(Available records begins)

(* Let $P,R\in C^1(\mathbb{R},\mathrm{Sym}(n,\mathbb{R}))$, $Q\in C^1(\mathbb{R},\mathrm{Mat}(n,\mathbb{R}))$ satisfy (F2) with constants $C_1,C_2,C_3$. For $\lambda\in\mathbb{R}$ let $B_\lambda(t)=\begin{bmatrix}P^{-1}&-P^{-1}Q\\-Q^TP^{-1}&Q^TP^{-1}Q-R-\lambda I_n\end{bmatrix}(t)$, let $\gamma_{(\tau,\lambda)}$ be the solution of $\dot\gamma=JB_\lambda(t)\gamma$, $\gamma(\tau)=I_{2n}$, and set $E^s_\lambda(\tau)=\{v\in\mathbb{R}^{2n}:\lim_{t\to+\infty}\gamma_{(\tau,\lambda)}(t)v=0\}$, $E^u_\lambda(\tau)=\{v\in\mathbb{R}^{2n}:\lim_{t\to-\infty}\gamma_{(\tau,\lambda)}(t)v=0\}$. Then $E^u_\lambda(-\tau)\cap E^s_\lambda(\tau)=\{0\}$ for all $\tau\ge0$ and all $\lambda\ge\frac{2C_2^2}{C_1}+C_3$.
   Context: (F2): the limits of $P,Q,R$ as $t\to\pm\infty$ exist and $\langle P(t)v,v\rangle\ge C_1|v|^2$, $|P(t)v|\ge C_1|v|$, $|Q(t)v|\le C_2|v|$, $|R(t)v|\le C_3|v|$ for all $t,v$. $J=\begin{bmatrix}0&-I_n\\ I_n&0\end{bmatrix}$. *)

From HB Require Import structures.
From mathcomp Require Import all_boot all_order all_algebra.
From mathcomp Require Import all_classical all_reals all_analysis.
Set Implicit Arguments. Unset Strict Implicit. Unset Printing Implicit Defensive.
Import Order.TTheory GRing.Theory Num.Theory.
Import numFieldNormedType.Exports.
Local Open Scope ring_scope.
Local Open Scope classical_set_scope.

Definition symmx {R : realType} {n : nat} (A : 'M[R]_n) : Prop := A^T = A.
Definition symmx_fun {R : realType} {n : nat} (f : R -> 'M[R]_n) : Prop :=
  forall t, symmx (f t).

Definition C1mx {R : realType} {m n : nat} (f : R -> 'M[R]_(m, n)) : Prop :=
  (forall t : R, derivable f t 1) /\ continuous (fun t : R => 'D_1 f t).

Definition dotv {R : realType} {n : nat} (u v : 'cV[R]_n) : R :=
  \sum_(i < n) u i 0 * v i 0.
Definition enorm {R : realType} {n : nat} (v : 'cV[R]_n) : R :=
  Num.sqrt (dotv v v).

Definition F2 {R : realType} {n : nat} (P Q Rm : R -> 'M[R]_n) (C1 C2 C3 : R)
  : Prop :=
  [/\ cvg (P x @[x --> +oo]) /\ cvg (P x @[x --> -oo]),
      cvg (Q x @[x --> +oo]) /\ cvg (Q x @[x --> -oo]),
      cvg (Rm x @[x --> +oo]) /\ cvg (Rm x @[x --> -oo]) &
      forall (t : R) (v : 'cV[R]_n),
        [/\ dotv (P t *m v) v >= C1 * enorm v ^+ 2,
            enorm (P t *m v) >= C1 * enorm v,
            enorm (Q t *m v) <= C2 * enorm v &
            enorm (Rm t *m v) <= C3 * enorm v]].

Definition Jmx {R : realType} (n : nat) : 'M[R]_(n + n) :=
  block_mx 0 (- 1%:M) 1%:M 0.

Definition Bmx {R : realType} {n : nat} (P Q Rm : R -> 'M[R]_n) (lam t : R)
  : 'M[R]_(n + n) :=
  let Pi := invmx (P t) in
  block_mx Pi (- (Pi *m Q t))
           (- ((Q t)^T *m Pi)) ((Q t)^T *m Pi *m Q t - Rm t - lam%:M).

Definition fundsol {R : realType} {n : nat} (P Q Rm : R -> 'M[R]_n) (lam tau : R)
  (gam : R -> 'M[R]_(n + n)) : Prop :=
  gam tau = 1%:M /\
  forall t : R, is_derive t 1 gam (Jmx n *m Bmx P Q Rm lam t *m gam t).

Definition Es {R : realType} {n : nat} (gam : R -> 'M[R]_(n + n)) :
  set 'cV[R]_(n + n) :=
  [set v : 'cV[R]_(n + n) | (gam t *m v) @[t --> +oo] --> (0 : 'cV[R]_(n + n))].
Definition Eu {R : realType} {n : nat} (gam : R -> 'M[R]_(n + n)) :
  set 'cV[R]_(n + n) :=
  [set v : 'cV[R]_(n + n) | (gam t *m v) @[t --> -oo] --> (0 : 'cV[R]_(n + n))].

From HB Require Import structures.
From mathcomp Require Import all_boot all_order all_algebra.
From mathcomp Require Import all_classical all_reals all_analysis.
From mathcomp Require Import ring lra.
Import Order.TTheory GRing.Theory Num.Theory.
Import numFieldNormedType.Exports.
Local Open Scope ring_scope.
Local Open Scope classical_set_scope.

(* Write z = (x, y) for a solution of z' = J B_lam z.  Then x = P y' + Q y and
   x' = Q^T y' + R y + lam y, so that
     <x, y>' = <P y', y'> + 2 <Q y, y'> + <R y, y> + lam |y|^2 >= C1/2 |y'|^2
   as soon as lam >= 2 C2^2/C1 + C3: the pairing <x, y> is nondecreasing along
   solutions.  For v in E^s(tau), the solution through v at time tau tends to 0
   at +oo, hence <x, y>(v) <= 0.  For v in E^u(-tau), the solution through v at
   time -tau tends to 0 at -oo, so <x, y> >= 0 along it; thus <x, y> vanishes
   before -tau, there y' = 0, so y is constant with limit 0, y = 0 and
   x = P y' + Q y = 0.  By continuity v = 0. *)

Section EuclideanInnerProduct.
Context {R : realType} {n : nat}.
Implicit Types (u w : 'cV[R]_n).

Lemma dotvC u w : dotv u w = dotv w u.
Proof. by apply: eq_bigr => i _; rewrite mulrC. Qed.

Lemma dotvDl u u' w : dotv (u + u') w = dotv u w + dotv u' w.
Proof. by rewrite /dotv -big_split; apply: eq_bigr => i _; rewrite mxE mulrDl. Qed.

Lemma dotvZl a u w : dotv (a *: u) w = a * dotv u w.
Proof. by rewrite /dotv mulr_sumr; apply: eq_bigr => i _; rewrite mxE mulrA. Qed.

Lemma dotv0l w : dotv 0 w = 0.
Proof. by rewrite /dotv big1 // => i _; rewrite mxE mul0r. Qed.

Lemma dotv_trmx_mull (A : 'M[R]_n) u w : dotv (A^T *m u) w = dotv u (A *m w).
Proof.
have dotvE u1 w1 : dotv u1 w1 = (u1^T *m w1) 0 0.
  by rewrite /dotv !mxE; apply: eq_bigr => i _; rewrite mxE.
by rewrite !dotvE trmx_mul trmxK mulmxA.
Qed.

Lemma dotvv_ge0 u : 0 <= dotv u u.
Proof. by apply: sumr_ge0 => i _; rewrite -expr2 sqr_ge0. Qed.

Lemma enorm_ge0 u : 0 <= enorm u.
Proof. exact: sqrtr_ge0. Qed.

Lemma enorm_sqr u : enorm u ^+ 2 = dotv u u.
Proof. by rewrite /enorm sqr_sqrtr // dotvv_ge0. Qed.

Lemma dotvv_eq0 u : dotv u u = 0 -> u = 0.
Proof.
move=> /eqP; rewrite /dotv psumr_eq0 => [/allP u0|i _]; last first.
  by rewrite -expr2 sqr_ge0.
apply/matrixP => i j; rewrite (ord1 j) mxE.
by have := u0 i (mem_index_enum _); rewrite /= mulf_eq0 orbb => /eqP.
Qed.

Lemma enorm_eq0 u : enorm u = 0 -> u = 0.
Proof. by move=> u0; apply: dotvv_eq0; rewrite -enorm_sqr u0 expr0n. Qed.

Lemma dotv_ge_enormM u w : - (enorm u * enorm w) <= dotv u w.
Proof.
set a := enorm u; set b := enorm w.
have [a0 b0] : 0 <= a /\ 0 <= b by split; apply: enorm_ge0.
have [ab_gt0|] := ltP 0 (a * b).
  have := dotvv_ge0 (b *: u + a *: w).
  rewrite dotvDl !dotvZl ![dotv _ (_ + _)]dotvC !dotvDl !dotvZl.
  by rewrite [dotv w u]dotvC -!enorm_sqr -/a -/b; nra.
rewrite le_eqVlt ltNge mulr_ge0 // orbF mulf_eq0 => /orP[] /eqP ab0.
  by move: (ab0) => /enorm_eq0 ->; rewrite dotv0l ab0 mul0r oppr0.
by move: (ab0) => /enorm_eq0 ->; rewrite dotvC dotv0l ab0 mulr0 oppr0.
Qed.

Lemma unitmx_of_enorm_lbound (A : 'M[R]_n) c :
  0 < c -> (forall u, c * enorm u <= enorm (A *m u)) -> A \in unitmx.
Proof.
move=> c_gt0 A_lb; rewrite -unitmx_tr -row_free_unit -kermx_eq0.
apply/rowV0P => r /sub_kermxP rA0; apply: trmx_inj; rewrite trmx0.
apply: enorm_eq0; apply/le_anti; rewrite enorm_ge0 andbT -(pmulr_rle0 _ c_gt0).
have <- : enorm (A *m r^T) = 0.
  by rewrite -[A]trmxK -trmx_mul rA0 trmx0 /enorm dotv0l sqrtr0.
exact: A_lb.
Qed.

End EuclideanInnerProduct.

Definition xy_dot {R : realType} {n : nat} (z : 'cV[R]_(n + n)) : R :=
  dotv (usubmx z) (dsubmx z).

Section HamiltonianVectorField.
Context {R : realType} {n : nat}.
Variables (P Q Rm : R -> 'M[R]_n) (lam t : R).
Implicit Types (z : 'cV[R]_(n + n)).

Local Notation JB := (Jmx n *m Bmx P Q Rm lam t).

Lemma mul_JBmx z : JB *m z =
  col_mx (- (- ((Q t)^T *m invmx (P t)) *m usubmx z
             + ((Q t)^T *m invmx (P t) *m Q t - Rm t - lam%:M) *m dsubmx z))
         (invmx (P t) *m usubmx z - invmx (P t) *m Q t *m dsubmx z).
Proof.
rewrite /Jmx /Bmx -mulmxA -{1}[z]vsubmxK mul_block_col.
by rewrite (mul_block_col (0 : 'M[R]_n)) !mul0mx !mulNmx !mul1mx add0r addr0.
Qed.

Lemma dsubmx_JBmx z :
  dsubmx (JB *m z) = invmx (P t) *m (usubmx z - Q t *m dsubmx z).
Proof. by rewrite mul_JBmx col_mxKd mulmxBr mulmxA. Qed.

Lemma usubmx_JBmx z : usubmx (JB *m z) =
  (Q t)^T *m dsubmx (JB *m z) + Rm t *m dsubmx z + lam *: dsubmx z.
Proof.
rewrite dsubmx_JBmx {1}mul_JBmx col_mxKu !mulmxBr !mulmxA !mulNmx !mulmxBl.
rewrite mul_scalar_mx opprD opprK !opprB -!addrA; congr (_ + _).
by rewrite [LHS]addrC [RHS]addrCA addrA.
Qed.

Lemma usubmx_eq_JBmx z : P t \in unitmx ->
  usubmx z = P t *m dsubmx (JB *m z) + Q t *m dsubmx z.
Proof. by move=> Pu; rewrite dsubmx_JBmx mulmxA mulmxV // mul1mx subrK. Qed.

End HamiltonianVectorField.

(* With a = |Y| and b = |Y'| the right-hand side is at least
   C1 b^2 - 2 C2 a b + (lam - C3) a^2, and
   C1 b^2 - 2 C2 a b + 2 C2^2/C1 a^2 - C1/2 b^2 = C1/2 (b - 2 C2/C1 a)^2. *)
Lemma xy_dot_deriv_lbound {R : realType} {n : nat} {P Q Rm : 'M[R]_n}
    {C1 C2 C3 lam : R} {X Y X' Y' : 'cV[R]_n} :
  0 < C1 -> C1 * enorm Y' ^+ 2 <= dotv (P *m Y') Y' ->
  enorm (Q *m Y) <= C2 * enorm Y -> enorm (Rm *m Y) <= C3 * enorm Y ->
  2 * C2 ^+ 2 / C1 + C3 <= lam ->
  X = P *m Y' + Q *m Y -> X' = Q^T *m Y' + Rm *m Y + lam *: Y ->
  C1 / 2 * dotv Y' Y' <= dotv X' Y + dotv X Y'.
Proof.
move=> C1_gt0 P_lb Q_ub R_ub lam_lb -> ->.
rewrite !dotvDl dotvZl dotv_trmx_mull [dotv Y' (Q *m Y)]dotvC.
set a := enorm Y; set b := enorm Y'.
have [a0 b0] : 0 <= a /\ 0 <= b by split; apply: enorm_ge0.
have QY_lb := dotv_ge_enormM (Q *m Y) Y'.
have QY_ub : enorm (Q *m Y) * b <= C2 * a * b by apply: ler_wpM2r.
have RY_lb := dotv_ge_enormM (Rm *m Y) Y.
have RY_ub : enorm (Rm *m Y) * a <= C3 * a * a by apply: ler_wpM2r.
rewrite -/a -/b in QY_lb RY_lb P_lb; rewrite -!enorm_sqr -/a -/b.
set k := C2 / C1.
have C2E : C2 = k * C1 by rewrite /k divfK // gt_eqF.
have lamE : 2 * C2 ^+ 2 / C1 + C3 = 2 * k ^+ 2 * C1 + C3.
  by rewrite C2E; field; rewrite gt_eqF.
rewrite lamE in lam_lb; rewrite C2E in QY_ub.
have lam_a : (2 * k ^+ 2 * C1 + C3) * a ^+ 2 <= lam * a ^+ 2.
  by apply: ler_wpM2r => //; apply: sqr_ge0.
have : 0 <= C1 * (b - 2 * k * a) ^+ 2 by rewrite mulr_ge0 ?sqr_ge0 ?ltW.
nra.
Qed.

Section MatrixDerivative.
Context {R : realType} {V : normedModType R}.

Lemma is_derive_mxP m p (F : V -> 'M[R]_(m, p)) x v dF :
  is_derive x v F dF <-> forall i j, is_derive x v (fun s => F s i j) (dF i j).
Proof.
split=> [[Fd <-] i j | dF_ij].
  have /derivable_mxP/(_ i j) Fij := Fd.
  by apply: DeriveDef => //; rewrite derive_mx // mxE.
have Fd : derivable F x v by apply/derivable_mxP => i j; case: (dF_ij i j).
apply: DeriveDef => //; rewrite derive_mx //.
by apply/matrixP => i j; rewrite mxE; case: (dF_ij i j).
Qed.

Lemma is_derive_mulmxr m p q (F : V -> 'M[R]_(m, p)) (A : 'M[R]_(p, q)) x v dF :
  is_derive x v F dF -> is_derive x v (fun s => F s *m A) (dF *m A).
Proof.
move=> /is_derive_mxP dF_F; apply/is_derive_mxP => i j.
have -> : (fun s => (F s *m A) i j) = \sum_(k < p) (A k j *: (fun s => F s i k)).
  rewrite fct_sumE; apply/funext => s; rewrite mxE.
  by apply: eq_bigr => k _ /=; rewrite mulrC.
have -> : (dF *m A) i j = \sum_(k < p) A k j *: dF i k.
  by rewrite mxE; apply: eq_bigr => k _; rewrite mulrC.
by apply: is_derive_sum => k; apply: is_deriveZ.
Qed.

End MatrixDerivative.

Section XYDot.
Context {R : realType} {n : nat}.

(Available records ends)

- [What you need to do]
Where does the word "tends" appear in the listing? List each line that holds it.

- [Solution for this exercise]
   solutions.  For v in E^s(tau), the solution through v at time tau tends to 0
   time -tau tends to 0 at -oo, so <x, y> >= 0 along it; thus <x, y> vanishes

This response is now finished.